Problem to solve:
Lines outside the range are not wanted. Give again exactly the lines between the line holding "f (lincomb c" and the line holding "N -> 0 < eps ->", inclusive, from the listing below.

[Start of section]

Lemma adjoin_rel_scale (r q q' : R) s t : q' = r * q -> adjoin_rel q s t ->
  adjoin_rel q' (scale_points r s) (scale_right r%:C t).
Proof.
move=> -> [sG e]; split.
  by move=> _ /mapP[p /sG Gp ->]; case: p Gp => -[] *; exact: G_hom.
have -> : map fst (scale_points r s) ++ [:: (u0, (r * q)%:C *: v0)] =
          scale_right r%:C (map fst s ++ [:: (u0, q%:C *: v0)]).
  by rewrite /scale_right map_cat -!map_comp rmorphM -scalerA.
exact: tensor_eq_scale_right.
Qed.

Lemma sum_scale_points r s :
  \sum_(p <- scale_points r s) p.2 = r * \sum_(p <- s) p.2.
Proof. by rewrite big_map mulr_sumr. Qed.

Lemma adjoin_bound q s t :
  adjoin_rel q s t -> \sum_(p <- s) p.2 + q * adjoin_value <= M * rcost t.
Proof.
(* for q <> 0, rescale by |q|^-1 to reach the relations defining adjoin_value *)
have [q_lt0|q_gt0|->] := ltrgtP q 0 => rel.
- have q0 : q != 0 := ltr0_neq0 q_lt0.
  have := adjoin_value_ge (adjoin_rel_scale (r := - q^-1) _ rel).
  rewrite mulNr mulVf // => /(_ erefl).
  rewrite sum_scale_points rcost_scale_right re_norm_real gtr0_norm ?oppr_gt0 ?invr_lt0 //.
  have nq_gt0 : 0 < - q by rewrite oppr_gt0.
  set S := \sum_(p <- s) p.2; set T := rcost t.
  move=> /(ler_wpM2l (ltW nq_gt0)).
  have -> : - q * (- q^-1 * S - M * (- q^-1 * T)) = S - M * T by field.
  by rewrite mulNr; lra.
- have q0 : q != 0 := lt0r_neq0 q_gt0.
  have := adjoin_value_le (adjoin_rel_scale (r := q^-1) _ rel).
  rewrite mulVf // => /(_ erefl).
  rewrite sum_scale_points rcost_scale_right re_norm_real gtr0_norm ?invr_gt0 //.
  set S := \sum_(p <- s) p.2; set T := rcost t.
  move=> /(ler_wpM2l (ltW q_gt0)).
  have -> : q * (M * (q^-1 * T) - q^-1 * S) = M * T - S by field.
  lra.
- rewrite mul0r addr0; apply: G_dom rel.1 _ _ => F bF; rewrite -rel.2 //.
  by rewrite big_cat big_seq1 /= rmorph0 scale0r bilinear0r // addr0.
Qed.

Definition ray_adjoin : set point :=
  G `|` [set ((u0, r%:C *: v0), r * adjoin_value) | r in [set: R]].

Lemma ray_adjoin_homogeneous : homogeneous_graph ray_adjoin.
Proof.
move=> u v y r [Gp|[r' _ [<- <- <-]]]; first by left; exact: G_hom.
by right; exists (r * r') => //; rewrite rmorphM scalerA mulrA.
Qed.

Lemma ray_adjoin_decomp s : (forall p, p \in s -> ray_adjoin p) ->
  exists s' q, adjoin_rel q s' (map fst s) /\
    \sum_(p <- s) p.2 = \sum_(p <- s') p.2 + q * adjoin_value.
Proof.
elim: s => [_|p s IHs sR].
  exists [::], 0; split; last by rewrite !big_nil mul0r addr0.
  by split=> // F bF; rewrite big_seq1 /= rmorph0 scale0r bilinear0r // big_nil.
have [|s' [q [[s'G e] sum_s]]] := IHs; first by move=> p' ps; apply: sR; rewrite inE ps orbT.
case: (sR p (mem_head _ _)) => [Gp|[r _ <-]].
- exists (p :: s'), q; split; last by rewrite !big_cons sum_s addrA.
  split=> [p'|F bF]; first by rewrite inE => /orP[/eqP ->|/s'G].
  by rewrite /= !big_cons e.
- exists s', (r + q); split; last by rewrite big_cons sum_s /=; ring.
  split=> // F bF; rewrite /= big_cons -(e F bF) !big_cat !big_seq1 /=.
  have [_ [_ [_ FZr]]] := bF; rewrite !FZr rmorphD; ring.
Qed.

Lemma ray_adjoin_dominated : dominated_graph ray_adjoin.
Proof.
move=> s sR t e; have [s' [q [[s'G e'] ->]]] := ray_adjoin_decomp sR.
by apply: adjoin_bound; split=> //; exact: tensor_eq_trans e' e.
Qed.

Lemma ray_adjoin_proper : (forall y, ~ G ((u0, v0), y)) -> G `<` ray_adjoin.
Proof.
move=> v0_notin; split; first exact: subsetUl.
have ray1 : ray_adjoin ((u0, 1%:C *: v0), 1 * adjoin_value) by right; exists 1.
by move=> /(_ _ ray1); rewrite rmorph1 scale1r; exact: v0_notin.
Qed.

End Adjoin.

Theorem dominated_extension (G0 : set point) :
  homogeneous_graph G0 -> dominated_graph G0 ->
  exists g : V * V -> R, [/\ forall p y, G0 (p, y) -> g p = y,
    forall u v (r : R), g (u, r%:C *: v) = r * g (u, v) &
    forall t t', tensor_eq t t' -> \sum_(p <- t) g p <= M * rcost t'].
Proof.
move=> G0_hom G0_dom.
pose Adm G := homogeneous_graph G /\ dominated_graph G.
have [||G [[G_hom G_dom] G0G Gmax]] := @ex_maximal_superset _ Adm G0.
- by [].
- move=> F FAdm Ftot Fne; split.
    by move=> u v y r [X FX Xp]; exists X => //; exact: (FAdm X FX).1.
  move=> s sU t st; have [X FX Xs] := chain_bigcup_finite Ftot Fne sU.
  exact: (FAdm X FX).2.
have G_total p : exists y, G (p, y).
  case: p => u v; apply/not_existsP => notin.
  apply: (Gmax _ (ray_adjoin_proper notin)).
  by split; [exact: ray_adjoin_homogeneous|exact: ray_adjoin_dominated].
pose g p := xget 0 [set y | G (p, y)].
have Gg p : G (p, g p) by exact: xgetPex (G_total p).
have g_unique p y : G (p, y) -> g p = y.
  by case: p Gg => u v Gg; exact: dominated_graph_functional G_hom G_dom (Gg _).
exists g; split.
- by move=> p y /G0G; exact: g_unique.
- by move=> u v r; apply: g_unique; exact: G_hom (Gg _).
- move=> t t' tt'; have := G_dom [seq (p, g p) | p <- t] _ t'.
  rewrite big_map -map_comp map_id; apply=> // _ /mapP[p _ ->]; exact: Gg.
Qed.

[End of section]
[Start of section]

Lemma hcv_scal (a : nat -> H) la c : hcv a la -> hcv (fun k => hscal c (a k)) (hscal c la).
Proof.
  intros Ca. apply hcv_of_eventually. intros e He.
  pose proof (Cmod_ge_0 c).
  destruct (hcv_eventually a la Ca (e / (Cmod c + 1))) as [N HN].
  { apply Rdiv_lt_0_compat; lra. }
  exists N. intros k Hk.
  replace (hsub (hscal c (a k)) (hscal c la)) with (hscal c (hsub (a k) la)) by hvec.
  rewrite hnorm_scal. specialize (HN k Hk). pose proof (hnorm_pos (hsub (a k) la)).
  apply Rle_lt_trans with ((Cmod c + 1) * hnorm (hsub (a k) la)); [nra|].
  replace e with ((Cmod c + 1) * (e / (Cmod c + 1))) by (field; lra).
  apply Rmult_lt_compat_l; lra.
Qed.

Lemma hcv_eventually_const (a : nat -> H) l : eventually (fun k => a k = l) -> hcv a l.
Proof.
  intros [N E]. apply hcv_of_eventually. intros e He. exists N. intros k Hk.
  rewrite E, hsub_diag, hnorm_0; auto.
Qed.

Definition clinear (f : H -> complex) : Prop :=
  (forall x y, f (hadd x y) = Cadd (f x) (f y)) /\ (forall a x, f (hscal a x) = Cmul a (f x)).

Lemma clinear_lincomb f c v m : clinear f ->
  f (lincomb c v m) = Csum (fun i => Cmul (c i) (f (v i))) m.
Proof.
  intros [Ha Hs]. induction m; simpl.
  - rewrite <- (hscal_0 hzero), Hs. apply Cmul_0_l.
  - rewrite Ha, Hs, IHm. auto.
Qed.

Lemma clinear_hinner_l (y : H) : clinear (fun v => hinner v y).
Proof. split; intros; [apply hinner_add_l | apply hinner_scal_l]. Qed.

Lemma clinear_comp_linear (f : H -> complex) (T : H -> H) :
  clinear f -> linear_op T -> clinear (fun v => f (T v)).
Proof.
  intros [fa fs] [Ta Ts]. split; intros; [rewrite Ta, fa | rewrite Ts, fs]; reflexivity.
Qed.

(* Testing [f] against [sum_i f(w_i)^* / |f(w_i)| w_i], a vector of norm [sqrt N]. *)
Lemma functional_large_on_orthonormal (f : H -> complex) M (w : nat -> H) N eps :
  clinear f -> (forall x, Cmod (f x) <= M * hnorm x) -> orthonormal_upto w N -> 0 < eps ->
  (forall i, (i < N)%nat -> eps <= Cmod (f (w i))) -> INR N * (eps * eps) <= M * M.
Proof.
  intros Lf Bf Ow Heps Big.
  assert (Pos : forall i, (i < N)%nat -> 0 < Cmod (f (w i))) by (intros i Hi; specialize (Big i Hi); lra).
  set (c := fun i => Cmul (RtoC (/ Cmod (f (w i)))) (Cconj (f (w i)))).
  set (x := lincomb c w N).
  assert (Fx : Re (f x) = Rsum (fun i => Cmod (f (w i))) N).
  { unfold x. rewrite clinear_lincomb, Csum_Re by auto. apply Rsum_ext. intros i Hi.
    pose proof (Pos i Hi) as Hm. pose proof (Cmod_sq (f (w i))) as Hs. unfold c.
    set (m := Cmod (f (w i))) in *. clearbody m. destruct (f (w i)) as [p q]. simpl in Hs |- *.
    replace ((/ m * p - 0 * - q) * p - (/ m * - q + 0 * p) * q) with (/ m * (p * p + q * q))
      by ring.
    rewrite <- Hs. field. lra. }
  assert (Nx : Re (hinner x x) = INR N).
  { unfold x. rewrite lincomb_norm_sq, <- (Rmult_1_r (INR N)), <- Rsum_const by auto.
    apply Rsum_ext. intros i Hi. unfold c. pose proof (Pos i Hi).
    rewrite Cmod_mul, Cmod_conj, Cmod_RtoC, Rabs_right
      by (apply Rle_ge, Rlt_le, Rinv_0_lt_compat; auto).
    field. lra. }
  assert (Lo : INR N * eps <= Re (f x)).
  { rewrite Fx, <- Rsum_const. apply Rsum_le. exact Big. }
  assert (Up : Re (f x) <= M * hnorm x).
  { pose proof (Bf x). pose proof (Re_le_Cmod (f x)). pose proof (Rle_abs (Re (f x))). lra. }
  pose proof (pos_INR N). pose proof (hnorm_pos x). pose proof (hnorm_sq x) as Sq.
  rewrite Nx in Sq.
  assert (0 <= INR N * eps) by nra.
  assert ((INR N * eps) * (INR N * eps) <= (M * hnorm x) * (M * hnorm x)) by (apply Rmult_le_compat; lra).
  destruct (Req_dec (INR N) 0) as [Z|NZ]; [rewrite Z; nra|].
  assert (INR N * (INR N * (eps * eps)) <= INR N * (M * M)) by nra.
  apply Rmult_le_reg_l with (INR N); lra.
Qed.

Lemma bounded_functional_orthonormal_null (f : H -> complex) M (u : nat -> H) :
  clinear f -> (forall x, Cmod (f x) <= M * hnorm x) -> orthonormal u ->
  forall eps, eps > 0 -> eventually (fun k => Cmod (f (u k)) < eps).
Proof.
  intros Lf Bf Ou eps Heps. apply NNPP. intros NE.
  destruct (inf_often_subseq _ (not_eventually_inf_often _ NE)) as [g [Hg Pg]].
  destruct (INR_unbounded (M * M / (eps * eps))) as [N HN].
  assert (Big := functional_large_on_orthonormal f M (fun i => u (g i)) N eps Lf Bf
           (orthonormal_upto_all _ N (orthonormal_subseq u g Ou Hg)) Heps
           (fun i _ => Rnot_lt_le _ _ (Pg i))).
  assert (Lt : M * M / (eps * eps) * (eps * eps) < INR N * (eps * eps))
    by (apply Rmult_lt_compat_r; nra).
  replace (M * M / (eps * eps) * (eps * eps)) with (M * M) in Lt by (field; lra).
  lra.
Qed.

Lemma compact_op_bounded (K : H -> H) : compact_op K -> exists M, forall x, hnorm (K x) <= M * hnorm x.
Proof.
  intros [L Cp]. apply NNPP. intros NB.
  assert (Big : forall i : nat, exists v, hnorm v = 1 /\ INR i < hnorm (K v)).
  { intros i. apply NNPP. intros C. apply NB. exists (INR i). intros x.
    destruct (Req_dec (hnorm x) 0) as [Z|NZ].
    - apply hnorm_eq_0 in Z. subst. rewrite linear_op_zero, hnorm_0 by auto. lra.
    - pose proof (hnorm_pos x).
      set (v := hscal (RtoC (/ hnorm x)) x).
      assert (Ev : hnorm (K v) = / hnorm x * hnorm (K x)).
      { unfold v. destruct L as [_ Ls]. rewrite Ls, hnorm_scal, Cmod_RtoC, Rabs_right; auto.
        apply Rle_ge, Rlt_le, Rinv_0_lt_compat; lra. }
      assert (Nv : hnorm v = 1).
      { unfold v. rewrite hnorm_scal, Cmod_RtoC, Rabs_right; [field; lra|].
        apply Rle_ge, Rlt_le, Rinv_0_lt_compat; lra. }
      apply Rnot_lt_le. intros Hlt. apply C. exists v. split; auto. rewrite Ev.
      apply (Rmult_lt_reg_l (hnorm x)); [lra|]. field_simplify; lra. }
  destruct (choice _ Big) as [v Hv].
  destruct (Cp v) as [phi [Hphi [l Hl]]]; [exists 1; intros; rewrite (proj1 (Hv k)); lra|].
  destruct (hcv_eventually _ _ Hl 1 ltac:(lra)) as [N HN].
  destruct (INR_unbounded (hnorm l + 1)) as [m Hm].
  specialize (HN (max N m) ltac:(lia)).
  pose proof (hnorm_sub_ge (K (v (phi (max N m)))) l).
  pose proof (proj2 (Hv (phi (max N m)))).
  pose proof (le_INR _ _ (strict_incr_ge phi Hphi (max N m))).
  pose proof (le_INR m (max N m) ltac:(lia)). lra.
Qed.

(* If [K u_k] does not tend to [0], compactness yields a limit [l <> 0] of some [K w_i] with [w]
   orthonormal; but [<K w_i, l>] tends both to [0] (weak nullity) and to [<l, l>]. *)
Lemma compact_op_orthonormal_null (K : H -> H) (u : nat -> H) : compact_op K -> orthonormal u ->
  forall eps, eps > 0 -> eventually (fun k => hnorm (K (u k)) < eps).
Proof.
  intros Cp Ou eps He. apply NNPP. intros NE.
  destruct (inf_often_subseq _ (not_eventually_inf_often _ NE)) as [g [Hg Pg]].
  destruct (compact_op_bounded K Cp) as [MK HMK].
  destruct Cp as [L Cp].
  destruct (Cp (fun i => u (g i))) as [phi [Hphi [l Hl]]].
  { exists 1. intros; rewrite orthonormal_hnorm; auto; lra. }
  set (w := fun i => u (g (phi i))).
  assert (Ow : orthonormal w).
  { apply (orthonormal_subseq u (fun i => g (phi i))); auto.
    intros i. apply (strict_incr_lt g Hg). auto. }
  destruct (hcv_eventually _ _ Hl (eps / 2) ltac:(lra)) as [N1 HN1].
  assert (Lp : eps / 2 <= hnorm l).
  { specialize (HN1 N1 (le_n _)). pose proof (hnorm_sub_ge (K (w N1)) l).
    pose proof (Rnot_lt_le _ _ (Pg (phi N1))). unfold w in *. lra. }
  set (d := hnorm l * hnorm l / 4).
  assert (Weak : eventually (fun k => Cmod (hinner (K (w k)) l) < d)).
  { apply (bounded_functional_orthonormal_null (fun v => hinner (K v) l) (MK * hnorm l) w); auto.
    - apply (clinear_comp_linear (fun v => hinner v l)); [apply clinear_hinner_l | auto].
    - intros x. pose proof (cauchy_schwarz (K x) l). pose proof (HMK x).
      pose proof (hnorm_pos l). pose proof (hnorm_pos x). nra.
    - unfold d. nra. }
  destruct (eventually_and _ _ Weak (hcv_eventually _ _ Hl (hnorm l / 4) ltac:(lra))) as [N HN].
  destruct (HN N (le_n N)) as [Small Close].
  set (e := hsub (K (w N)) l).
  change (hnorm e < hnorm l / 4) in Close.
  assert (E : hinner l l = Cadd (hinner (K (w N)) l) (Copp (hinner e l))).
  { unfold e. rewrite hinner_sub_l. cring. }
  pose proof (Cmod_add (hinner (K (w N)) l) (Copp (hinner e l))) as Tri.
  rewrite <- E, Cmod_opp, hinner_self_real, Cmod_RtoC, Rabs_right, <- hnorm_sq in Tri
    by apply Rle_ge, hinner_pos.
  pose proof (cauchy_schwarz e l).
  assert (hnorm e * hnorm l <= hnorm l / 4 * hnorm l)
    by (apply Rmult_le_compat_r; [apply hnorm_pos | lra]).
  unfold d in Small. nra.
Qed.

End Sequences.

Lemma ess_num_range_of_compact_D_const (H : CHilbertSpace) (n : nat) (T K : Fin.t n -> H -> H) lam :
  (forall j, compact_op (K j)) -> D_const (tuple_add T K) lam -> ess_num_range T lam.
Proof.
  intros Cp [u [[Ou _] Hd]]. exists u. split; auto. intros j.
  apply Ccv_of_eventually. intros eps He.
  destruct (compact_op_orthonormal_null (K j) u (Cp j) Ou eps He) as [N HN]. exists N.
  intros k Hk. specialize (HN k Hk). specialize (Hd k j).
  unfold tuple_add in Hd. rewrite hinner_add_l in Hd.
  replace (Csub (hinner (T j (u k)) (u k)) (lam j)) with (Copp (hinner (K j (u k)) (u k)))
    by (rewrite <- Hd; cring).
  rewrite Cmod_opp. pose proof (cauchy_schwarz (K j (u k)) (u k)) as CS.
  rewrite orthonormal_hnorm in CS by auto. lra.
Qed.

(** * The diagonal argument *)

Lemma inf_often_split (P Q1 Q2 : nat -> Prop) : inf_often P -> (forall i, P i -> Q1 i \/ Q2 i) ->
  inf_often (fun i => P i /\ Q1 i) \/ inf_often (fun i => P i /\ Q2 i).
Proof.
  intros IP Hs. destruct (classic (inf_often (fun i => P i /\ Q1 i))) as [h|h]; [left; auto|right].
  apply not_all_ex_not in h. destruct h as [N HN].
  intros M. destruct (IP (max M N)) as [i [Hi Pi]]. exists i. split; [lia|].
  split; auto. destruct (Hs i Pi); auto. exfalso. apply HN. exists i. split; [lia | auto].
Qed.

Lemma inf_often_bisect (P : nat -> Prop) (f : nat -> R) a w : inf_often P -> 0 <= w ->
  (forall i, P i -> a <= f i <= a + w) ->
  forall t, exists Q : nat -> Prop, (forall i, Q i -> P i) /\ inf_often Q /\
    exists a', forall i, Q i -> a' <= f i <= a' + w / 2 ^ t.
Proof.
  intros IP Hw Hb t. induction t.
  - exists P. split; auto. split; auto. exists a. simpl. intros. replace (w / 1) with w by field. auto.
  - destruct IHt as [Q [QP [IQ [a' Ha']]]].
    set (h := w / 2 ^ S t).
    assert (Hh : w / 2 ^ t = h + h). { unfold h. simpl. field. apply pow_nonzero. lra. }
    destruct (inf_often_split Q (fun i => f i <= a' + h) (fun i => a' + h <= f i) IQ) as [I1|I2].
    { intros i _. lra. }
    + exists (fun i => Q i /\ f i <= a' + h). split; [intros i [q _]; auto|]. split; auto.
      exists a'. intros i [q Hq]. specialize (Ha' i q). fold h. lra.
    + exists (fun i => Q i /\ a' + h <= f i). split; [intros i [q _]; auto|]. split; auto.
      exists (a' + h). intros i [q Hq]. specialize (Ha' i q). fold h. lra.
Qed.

[End of section]

Answer area:
  f (lincomb c v m) = Csum (fun i => Cmul (c i) (f (v i))) m.
Proof.
  intros [Ha Hs]. induction m; simpl.
  - rewrite <- (hscal_0 hzero), Hs. apply Cmul_0_l.
  - rewrite Ha, Hs, IHm. auto.
Qed.

Lemma clinear_hinner_l (y : H) : clinear (fun v => hinner v y).
Proof. split; intros; [apply hinner_add_l | apply hinner_scal_l]. Qed.

Lemma clinear_comp_linear (f : H -> complex) (T : H -> H) :
  clinear f -> linear_op T -> clinear (fun v => f (T v)).
Proof.
  intros [fa fs] [Ta Ts]. split; intros; [rewrite Ta, fa | rewrite Ts, fs]; reflexivity.
Qed.

(* Testing [f] against [sum_i f(w_i)^* / |f(w_i)| w_i], a vector of norm [sqrt N]. *)
Lemma functional_large_on_orthonormal (f : H -> complex) M (w : nat -> H) N eps :
  clinear f -> (forall x, Cmod (f x) <= M * hnorm x) -> orthonormal_upto w N -> 0 < eps ->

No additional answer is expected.